_EXTRACTED ENTRIES_
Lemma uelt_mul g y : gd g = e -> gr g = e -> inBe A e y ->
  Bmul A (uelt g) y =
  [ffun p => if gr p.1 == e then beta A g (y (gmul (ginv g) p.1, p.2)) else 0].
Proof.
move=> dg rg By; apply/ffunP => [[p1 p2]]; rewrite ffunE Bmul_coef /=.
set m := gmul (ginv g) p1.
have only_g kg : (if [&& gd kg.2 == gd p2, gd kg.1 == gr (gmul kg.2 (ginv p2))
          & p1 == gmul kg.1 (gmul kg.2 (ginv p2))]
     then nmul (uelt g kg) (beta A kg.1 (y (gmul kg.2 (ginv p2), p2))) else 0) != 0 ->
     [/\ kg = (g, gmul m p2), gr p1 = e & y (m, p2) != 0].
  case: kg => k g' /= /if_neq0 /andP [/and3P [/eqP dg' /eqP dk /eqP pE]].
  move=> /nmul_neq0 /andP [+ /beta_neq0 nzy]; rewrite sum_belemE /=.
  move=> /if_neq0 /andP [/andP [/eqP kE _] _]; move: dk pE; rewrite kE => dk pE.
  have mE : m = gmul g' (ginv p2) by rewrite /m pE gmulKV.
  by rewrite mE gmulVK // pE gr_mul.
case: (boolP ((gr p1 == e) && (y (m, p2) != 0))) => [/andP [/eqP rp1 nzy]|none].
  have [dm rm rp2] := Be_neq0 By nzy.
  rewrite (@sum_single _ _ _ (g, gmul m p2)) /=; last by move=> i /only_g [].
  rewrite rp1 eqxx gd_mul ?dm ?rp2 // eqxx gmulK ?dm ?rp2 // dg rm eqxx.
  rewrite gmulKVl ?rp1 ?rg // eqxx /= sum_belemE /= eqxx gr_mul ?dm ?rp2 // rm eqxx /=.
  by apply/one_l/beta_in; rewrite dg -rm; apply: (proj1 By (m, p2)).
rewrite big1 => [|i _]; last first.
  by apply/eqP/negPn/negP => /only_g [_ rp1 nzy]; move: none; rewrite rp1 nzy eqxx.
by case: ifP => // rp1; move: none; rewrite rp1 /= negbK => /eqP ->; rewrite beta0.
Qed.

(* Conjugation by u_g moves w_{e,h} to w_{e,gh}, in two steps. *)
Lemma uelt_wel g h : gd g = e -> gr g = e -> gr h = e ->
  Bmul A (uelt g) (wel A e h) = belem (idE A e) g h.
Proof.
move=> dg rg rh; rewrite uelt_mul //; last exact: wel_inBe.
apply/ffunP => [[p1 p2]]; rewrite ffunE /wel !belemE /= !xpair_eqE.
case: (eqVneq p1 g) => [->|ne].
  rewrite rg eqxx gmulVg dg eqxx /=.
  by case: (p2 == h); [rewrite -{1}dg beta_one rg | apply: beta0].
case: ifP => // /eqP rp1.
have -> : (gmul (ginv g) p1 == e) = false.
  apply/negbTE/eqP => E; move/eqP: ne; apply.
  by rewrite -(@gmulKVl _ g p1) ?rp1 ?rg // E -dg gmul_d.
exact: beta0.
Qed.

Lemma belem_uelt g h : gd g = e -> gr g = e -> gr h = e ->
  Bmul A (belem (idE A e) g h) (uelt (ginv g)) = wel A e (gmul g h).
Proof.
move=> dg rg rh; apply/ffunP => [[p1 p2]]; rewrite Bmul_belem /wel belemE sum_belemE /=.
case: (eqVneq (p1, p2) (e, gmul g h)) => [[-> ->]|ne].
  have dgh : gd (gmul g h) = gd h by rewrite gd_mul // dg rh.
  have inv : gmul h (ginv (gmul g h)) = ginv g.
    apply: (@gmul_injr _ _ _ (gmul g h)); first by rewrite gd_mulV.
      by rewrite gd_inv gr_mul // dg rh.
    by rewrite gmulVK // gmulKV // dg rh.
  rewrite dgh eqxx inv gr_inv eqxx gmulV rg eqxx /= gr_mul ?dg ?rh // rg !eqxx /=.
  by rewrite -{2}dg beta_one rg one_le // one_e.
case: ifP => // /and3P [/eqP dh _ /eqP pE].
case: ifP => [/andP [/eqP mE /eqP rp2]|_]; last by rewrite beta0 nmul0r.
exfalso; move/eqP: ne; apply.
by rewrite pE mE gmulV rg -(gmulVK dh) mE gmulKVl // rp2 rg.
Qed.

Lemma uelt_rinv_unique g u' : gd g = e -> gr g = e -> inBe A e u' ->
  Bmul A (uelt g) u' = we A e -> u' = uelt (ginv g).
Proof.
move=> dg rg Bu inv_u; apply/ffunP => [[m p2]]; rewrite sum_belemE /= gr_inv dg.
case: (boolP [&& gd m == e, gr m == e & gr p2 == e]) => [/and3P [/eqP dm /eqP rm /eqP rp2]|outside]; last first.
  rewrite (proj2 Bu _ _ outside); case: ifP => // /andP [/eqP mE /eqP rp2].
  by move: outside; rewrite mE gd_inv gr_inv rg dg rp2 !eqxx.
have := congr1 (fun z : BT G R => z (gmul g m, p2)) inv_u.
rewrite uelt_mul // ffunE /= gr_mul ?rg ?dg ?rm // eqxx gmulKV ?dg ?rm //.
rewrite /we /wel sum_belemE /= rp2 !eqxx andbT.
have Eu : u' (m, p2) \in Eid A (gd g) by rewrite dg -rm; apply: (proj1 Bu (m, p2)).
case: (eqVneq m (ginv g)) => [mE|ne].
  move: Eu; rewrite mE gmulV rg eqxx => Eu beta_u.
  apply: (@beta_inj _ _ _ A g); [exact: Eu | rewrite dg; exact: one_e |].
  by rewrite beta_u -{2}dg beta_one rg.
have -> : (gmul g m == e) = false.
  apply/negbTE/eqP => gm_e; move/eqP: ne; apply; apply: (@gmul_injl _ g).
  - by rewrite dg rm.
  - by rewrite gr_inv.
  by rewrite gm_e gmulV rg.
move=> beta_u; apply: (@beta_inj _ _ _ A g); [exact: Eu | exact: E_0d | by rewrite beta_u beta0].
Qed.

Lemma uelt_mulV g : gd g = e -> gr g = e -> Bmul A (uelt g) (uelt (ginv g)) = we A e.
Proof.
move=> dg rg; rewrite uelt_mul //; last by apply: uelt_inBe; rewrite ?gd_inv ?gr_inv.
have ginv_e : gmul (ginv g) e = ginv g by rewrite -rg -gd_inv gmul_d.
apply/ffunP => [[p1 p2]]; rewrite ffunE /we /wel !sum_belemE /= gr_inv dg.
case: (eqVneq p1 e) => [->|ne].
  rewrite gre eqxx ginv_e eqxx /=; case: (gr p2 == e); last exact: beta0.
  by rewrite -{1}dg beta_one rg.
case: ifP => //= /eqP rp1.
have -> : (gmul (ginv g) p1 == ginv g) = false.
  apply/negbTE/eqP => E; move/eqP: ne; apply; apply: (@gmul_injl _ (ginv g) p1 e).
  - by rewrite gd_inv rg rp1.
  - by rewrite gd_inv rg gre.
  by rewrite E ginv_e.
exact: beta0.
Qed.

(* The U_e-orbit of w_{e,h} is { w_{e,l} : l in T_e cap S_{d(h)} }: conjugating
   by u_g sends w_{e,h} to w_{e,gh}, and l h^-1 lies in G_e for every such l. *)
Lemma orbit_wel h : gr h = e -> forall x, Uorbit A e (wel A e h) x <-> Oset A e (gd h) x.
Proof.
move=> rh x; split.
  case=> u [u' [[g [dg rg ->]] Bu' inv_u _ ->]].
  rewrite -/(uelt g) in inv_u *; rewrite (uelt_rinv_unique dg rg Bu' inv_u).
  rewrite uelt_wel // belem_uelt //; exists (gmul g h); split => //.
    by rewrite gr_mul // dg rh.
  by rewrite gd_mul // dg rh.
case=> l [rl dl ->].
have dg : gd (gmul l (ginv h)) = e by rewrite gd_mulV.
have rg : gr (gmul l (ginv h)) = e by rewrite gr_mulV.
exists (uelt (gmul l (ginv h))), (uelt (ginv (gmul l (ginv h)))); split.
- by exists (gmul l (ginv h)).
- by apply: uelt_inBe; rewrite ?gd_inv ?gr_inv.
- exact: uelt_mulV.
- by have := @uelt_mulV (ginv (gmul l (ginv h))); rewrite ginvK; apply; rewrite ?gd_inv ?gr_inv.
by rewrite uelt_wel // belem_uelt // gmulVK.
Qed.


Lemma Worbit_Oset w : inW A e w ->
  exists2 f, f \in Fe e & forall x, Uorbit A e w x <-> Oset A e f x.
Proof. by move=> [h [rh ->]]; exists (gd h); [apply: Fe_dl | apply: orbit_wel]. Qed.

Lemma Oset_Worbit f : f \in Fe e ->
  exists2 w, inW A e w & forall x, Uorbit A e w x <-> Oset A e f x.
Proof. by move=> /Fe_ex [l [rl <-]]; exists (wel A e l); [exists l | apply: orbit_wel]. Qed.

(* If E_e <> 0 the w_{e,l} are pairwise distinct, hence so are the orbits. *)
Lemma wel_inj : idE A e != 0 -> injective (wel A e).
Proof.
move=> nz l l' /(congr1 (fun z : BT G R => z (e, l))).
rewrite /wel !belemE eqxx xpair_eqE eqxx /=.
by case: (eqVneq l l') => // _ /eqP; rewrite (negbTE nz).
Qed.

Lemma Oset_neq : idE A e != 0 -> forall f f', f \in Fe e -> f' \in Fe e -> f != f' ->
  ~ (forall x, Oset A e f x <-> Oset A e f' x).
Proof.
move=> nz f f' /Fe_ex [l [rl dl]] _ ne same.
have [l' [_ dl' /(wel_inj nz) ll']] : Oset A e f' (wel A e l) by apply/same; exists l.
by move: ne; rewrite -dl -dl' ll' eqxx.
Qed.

_WHAT THE TASK REQUIRES_
How many of the lines above contain "split"? Give the number by itself.

_EXERCISE ANSWER_
3